The events in this summary do not appear in the novel in chronological order; rather, everything which occurs before Esther's arrival in New York are revealed gradually, through flashbacks. Esther is about twenty, and grew up in the suburbs of Boston, MA. Her father died when she is only eight and her mother must work (teaching at a secretarial school) to support her and her brother. Esther has been bright and ambitious her whole life, winning prizes and scholarship and having her writing published. She wins a scholarship to attend a prestigious women's college (here, Smith College in disguise). The scholarship is sponsored by a famous alumna, a novelist named Philomena Guinea. There Esther also excels, but is never comfortable: she enjoys studying and writing rather than social activities. While there, she begins to date Buddy Willard, a Yale (and later medical) student, who she knows from home. Esther had had a crush on him for years, and when they first start dating, she's thrilled. One weekend she goes to visit him at medical school, where he lets her see all sorts of gruesome things, like the dissection of cadavers and a woman giving birth, which brings out her deeply ambivalent feelings about motherhood. But then she finds out that while pretending that "purity" was very important to him, Buddy was not a virgin: he'd had a summer-long fling with a woman he worked with. Esther finds this hypocrisy unbearable and decides to break up with Buddy. But it seems as soon as she makes this decision, Buddy calls her to tell her he's been diagnosed with tuberculosis. After Christmas that year, she rides with his father to the sanatorium in New York where Buddy is being treated; there she and Buddy goes skiing and she breaks her shin. The following summer, Buddy's mother arranges for Esther to get a job near Buddy's hospital, but instead she decides to go to New York - she has won an internship at a national women's magazine.
In New York Esther is struck with her differences, in her ambitions and class background, from other women: there she meets Betsy, who is from Kansas and whose primary ambition is to marry a farmer. She also spends a lot of time with Doreen, a beautiful and snobby Southern belle who is a magnet for men. Esther is also faced with the fact that she's not sure what she wants to do after college; an older, successful editor at the magazine tries to mentor her. While in New York she also gets a life-threatening case of food-poisoning (from the food at a luncheon sponsored by another women's magazine). She goes on a date with a translator from the UN, and while she tries to seduce him, (partially to even things up between her and Buddy), nothing happens. And her last evening out before returning home, she attends a party with Doreen and is almost raped by a smooth-talking ladies-man.

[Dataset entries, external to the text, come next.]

Lemma embeds_heavy_node a cs i u : i < size cs -> a <= n ->
  tsize (Node cs) - tsize (nth leaf cs i) <= a -> embeds (nth leaf cs i) (Some u) ->
  embeds (Node cs) (Some (Node (u :: somes (fan a.-1 a a.-1)))).
Proof.
move=> i_lt a_le weight_le heavy_emb.
have light_sum : tsize (nth leaf cs i)
    + \sum_(0 <= k < size cs | k != i) tsize (nth leaf cs k) = sumn (map tsize cs).
  by rewrite -sum_tsize_nth (bigD1_seq i) ?iota_uniq // mem_iota; lia.
have light_sum_le : \sum_(0 <= k < size cs | k != i) tsize (nth leaf cs k) <= a.-1.
  by move: weight_le => /=; lia.
have light_le j : j < size cs -> j != i -> tsize (nth leaf cs j) <= a.-1.
  move=> j_lt j_neq; apply: leq_trans light_sum_le.
  exact: (leq_sum_nat_cond (fun k => tsize (nth leaf cs k)) (P := fun k => k != i)).
have a_pred_lt : a.-1 < n.
  by move: weight_le (tsize_nth_le i_lt) => /=; lia.
have [tau tau_inj tau_emb] := embeds_fan a_pred_lt a_le (leqnn a.-1) light_le
  (leq_trans light_sum_le (leq_pred a)).
apply: (@embeds_somes cs (Some u :: fan a.-1 a a.-1)
          (fun j => if j == i then 0 else (tau j).+1)).
- move=> j j' j_lt j'_lt /=.
  case: eqP => [->|/eqP j_neq]; case: eqP => [->|/eqP j'_neq] //= [].
  by apply: tau_inj; rewrite inE ?j_neq ?j'_neq andbT.
by move=> j j_lt; case: eqP => [->|/eqP j_neq] //=; apply: tau_emb.
Qed.

Lemma embeds_spine K s xs t : K < n -> dominated s xs -> all (fun a => a <= n) xs ->
  heavy_path K t s -> tsize t <= n -> embeds t (Some (spine K xs)).
Proof.
move=> K_lt dom; elim: dom t => [xs0|s0 a xs0 _ IH|x s0 a xs0 x_le _ IH] [cs].
- move=> xs_le /heavy_path_nil /= light size_le.
  elim: xs0 xs_le => [_|a xs0 IHxs /andP [_ /IHxs]]; first exact: embeds_spine_end.
  by move=> emb_xs0; apply: (@embeds_child _ _ 0).
- case/andP=> _ xs_le hp size_le.
  by apply: (@embeds_child _ _ 0) => //=; apply: IH.
case/andP=> a_le xs_le /heavy_path_cons /= [i i_lt [_ hp eq_x]] size_le.
apply: (embeds_heavy_node i_lt a_le); first by rewrite -eq_x.
by apply: IH => //; move: size_le (tsize_nth_le i_lt) => /=; lia.
Qed.

End EmbeddingIntoU.

Lemma truncn_split_bounds (R : realType) (alpha : R) (n : nat) :
  (2^-1 < alpha)%R -> (alpha < 1)%R -> (0 < n)%N ->
  [/\ (Num.truncn (alpha * n%:R) < n)%N,
      (Num.truncn ((1 - alpha) * n%:R) <= n)%N &
      (n <= Num.truncn (alpha * n%:R) + Num.truncn ((1 - alpha) * n%:R) + 1)%N].
Proof.
move=> alpha_gt alpha_lt n_gt0.
have n_gt0R : (0 < n%:R :> R)%R by rewrite ltr0n.
have half_gt0 : (0 < (2:R)^-1)%R by rewrite invr_gt0.
split.
- by rewrite truncn_lt_nat; [nra | apply: mulr_ge0 => //; lra].
- by rewrite truncn_le_nat -natr1; nra.
- have gtK := truncnS_gt (alpha * n%:R).
  have gtN := truncnS_gt ((1 - alpha) * n%:R).
  suff : (n < (Num.truncn (alpha * n%:R)).+1 + (Num.truncn ((1 - alpha) * n%:R)).+1)%N
    by lia.
  by rewrite -(ltr_nat R) natrD; lra.
Qed.

Lemma embeds_U_f (R : realType) (alpha : R) : (2^-1 < alpha)%R -> (alpha < 1)%R ->
  forall f n, n < f -> forall t, tsize t <= n -> embeds t (U_f alpha f n).
Proof.
move=> alpha_gt alpha_lt; elim=> [//|f IH] [|[|n]] n_lt t size_le.
- by have := tsize_gt0 t; lia.
- case: t size_le => [[|c cs]] /= size_le; last by have := tsize_gt0 c; lia.
  exact: (@embeds_node [::] [::] id).
have [K_lt N_le n_le] := truncn_split_bounds alpha_gt alpha_lt (ltn0Sn n.+1).
set K := Num.truncn (alpha * n.+2%:R) in K_lt n_le *.
set N := Num.truncn ((1 - alpha) * n.+2%:R) in N_le n_le *.
have [s hp] := heavy_path_exists K t.
have [s_pos sum_le] := heavy_path_weights hp.
have dom : dominated s (aseq N) by apply: aseq_f_dominated => //; lia.
have xs_le : all (fun a => a <= n.+2) (aseq N).
  by apply/allP => a /mem_aseq_f_le; lia.
have rec_embeds m : m < n.+2 -> forall t, tsize t <= m -> embeds t (U_f alpha f m).
  by move=> m_lt; apply: IH; lia.
(* [U_f alpha f.+1 n.+2] unfolds to [spine n.+2 (U_f alpha f) K (aseq N)]. *)
exact: (embeds_spine rec_embeds K_lt dom xs_le hp size_le).
Qed.

Unset Implicit Arguments.

Theorem lemma3 (R : realType) (alpha : R) :
  (2^-1 < alpha)%R -> (alpha < 1)%R ->
  forall (n : nat) (T : otree), osize T = n -> nca_embeds T (U alpha n).
Proof.
move=> alpha_gt alpha_lt n [t <-|_]; last by exists id; split.
exact: embeds_U_f alpha_gt alpha_lt _ _ (ltnSn _) t (leqnn _).
Qed.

Rather than affirm and clarify her goals, her month in New York only makes her more depressed and unsure about her place in the world. She had placed all her hopes on getting into an exclusive writing class at Harvard that summer; but when she arrives home, she finds the rejection letter, which devastates her. She writes to Buddy and breaks up with him and cancels her plan to live in Cambridge with friends and take summer classes. For weeks she can't sleep and refuses to bathe or change her clothes. She tries to write a novel; she attempts volunteering at a local hospital; she even visits her father's grave. But she's starting to feel like she's going crazy: she looks at the pages of a novel and the letters seem to turn into strange shapes; she tries to write a letter and it comes out looking like a child's scrawl. Her mother takes her to a psychiatrist, who recommends shock treatments, which are horrible and brutal. Esther begins to seriously consider killing herself, and ties to think about the most effective way. Finally, she leaves a note for her mother saying she's gone out; she fits herself into a secret hole in the basement of her house and takes a whole bottle of sleeping pills.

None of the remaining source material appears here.